> TASK:
Pull from the data below each line where the word "submxMr" occurs, and copy it.

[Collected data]
_____

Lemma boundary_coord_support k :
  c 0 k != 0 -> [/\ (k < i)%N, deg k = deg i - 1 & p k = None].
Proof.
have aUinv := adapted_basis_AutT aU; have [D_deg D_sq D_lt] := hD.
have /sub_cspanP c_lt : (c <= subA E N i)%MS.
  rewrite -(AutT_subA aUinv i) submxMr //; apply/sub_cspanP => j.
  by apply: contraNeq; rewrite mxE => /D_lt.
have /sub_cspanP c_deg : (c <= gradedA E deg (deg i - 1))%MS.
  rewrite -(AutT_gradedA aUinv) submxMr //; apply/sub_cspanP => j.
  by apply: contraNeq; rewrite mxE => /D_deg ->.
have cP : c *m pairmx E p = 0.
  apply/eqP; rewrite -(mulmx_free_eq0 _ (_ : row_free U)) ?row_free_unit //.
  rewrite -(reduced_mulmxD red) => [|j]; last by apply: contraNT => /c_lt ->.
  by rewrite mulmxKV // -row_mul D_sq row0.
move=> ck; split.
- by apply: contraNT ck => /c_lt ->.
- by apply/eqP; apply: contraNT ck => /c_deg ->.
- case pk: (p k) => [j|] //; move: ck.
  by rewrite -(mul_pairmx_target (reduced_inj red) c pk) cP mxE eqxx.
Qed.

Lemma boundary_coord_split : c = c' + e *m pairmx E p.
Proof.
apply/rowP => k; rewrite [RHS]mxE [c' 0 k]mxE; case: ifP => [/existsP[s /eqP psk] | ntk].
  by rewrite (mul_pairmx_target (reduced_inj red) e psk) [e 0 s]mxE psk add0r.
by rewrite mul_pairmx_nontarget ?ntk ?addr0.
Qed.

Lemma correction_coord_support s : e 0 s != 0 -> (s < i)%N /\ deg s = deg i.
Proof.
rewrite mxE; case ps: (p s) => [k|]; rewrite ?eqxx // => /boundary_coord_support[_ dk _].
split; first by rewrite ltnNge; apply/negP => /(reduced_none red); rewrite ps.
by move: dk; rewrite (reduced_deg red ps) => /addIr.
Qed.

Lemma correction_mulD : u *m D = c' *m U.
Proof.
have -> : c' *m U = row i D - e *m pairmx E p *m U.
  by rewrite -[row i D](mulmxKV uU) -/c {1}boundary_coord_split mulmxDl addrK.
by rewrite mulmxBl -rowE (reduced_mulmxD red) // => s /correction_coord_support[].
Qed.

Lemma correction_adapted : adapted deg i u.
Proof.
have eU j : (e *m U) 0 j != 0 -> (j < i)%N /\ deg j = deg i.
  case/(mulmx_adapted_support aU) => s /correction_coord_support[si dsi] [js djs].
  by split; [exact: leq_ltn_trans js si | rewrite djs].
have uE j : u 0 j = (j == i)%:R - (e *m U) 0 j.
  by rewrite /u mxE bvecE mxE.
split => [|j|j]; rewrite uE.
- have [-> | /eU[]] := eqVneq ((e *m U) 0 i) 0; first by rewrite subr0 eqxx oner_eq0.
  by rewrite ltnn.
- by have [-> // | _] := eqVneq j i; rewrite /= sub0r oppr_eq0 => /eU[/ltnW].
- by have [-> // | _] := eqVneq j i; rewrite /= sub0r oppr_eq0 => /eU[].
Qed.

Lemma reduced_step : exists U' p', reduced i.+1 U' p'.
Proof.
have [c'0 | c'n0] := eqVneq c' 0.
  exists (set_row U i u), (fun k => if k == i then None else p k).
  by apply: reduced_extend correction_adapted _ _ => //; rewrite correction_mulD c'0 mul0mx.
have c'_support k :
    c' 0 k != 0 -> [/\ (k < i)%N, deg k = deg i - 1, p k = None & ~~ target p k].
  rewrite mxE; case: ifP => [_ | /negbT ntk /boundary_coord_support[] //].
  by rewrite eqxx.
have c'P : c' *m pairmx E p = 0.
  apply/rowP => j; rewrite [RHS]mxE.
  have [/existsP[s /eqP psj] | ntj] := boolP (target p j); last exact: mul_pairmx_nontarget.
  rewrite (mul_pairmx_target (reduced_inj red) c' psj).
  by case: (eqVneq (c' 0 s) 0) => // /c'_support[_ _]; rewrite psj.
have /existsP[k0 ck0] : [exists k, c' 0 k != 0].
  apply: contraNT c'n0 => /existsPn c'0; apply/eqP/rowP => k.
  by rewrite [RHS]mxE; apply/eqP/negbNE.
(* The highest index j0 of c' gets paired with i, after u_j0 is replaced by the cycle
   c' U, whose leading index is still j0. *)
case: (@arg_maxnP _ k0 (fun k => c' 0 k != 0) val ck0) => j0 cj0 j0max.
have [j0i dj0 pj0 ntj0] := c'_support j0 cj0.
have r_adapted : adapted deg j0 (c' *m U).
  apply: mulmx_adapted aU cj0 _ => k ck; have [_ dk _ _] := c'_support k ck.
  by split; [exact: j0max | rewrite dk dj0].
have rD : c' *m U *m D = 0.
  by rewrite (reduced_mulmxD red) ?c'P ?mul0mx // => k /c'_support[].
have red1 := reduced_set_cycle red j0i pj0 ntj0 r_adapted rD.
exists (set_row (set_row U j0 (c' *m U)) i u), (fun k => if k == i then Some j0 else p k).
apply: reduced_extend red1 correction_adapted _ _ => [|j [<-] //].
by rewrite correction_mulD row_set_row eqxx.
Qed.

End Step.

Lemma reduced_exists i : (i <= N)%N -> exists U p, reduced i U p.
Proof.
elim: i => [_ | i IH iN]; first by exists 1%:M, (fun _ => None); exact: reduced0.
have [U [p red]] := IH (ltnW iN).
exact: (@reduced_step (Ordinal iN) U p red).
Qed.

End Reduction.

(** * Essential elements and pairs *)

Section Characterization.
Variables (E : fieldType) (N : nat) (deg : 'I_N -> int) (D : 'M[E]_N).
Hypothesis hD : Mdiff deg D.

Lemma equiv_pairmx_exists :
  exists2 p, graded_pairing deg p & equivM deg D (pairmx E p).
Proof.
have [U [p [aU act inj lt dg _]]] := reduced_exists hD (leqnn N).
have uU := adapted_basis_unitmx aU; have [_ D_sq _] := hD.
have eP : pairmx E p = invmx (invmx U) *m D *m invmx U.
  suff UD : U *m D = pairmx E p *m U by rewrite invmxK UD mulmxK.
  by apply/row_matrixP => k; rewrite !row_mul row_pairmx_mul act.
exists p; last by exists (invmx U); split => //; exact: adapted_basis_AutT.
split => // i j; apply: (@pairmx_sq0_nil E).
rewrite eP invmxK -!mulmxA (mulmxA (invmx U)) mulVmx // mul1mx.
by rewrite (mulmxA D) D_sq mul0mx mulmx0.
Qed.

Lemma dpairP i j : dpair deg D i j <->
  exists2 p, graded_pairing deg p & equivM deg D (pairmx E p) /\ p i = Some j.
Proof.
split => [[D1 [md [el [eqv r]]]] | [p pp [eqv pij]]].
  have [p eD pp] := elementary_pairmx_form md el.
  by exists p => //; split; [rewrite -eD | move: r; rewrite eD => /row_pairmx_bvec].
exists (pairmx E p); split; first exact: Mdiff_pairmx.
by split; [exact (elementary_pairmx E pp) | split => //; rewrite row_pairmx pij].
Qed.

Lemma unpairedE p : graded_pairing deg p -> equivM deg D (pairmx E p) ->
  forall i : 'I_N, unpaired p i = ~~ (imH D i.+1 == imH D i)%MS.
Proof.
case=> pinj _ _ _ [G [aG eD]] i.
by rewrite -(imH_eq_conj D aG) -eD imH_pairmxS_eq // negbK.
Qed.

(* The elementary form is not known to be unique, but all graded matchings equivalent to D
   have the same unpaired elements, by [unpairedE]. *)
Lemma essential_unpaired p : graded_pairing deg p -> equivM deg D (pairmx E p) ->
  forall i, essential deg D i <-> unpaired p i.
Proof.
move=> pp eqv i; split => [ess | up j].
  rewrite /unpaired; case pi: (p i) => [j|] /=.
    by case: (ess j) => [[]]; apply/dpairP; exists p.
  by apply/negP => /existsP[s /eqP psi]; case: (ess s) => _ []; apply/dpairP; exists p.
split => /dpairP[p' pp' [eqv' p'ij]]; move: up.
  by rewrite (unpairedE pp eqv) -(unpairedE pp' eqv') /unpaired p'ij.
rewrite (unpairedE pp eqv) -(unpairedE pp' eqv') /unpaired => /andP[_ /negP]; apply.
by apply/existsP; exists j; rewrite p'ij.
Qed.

_____

> ANSWER TO THE PROBLEM:
  rewrite -(AutT_subA aUinv i) submxMr //; apply/sub_cspanP => j.
  rewrite -(AutT_gradedA aUinv) submxMr //; apply/sub_cspanP => j.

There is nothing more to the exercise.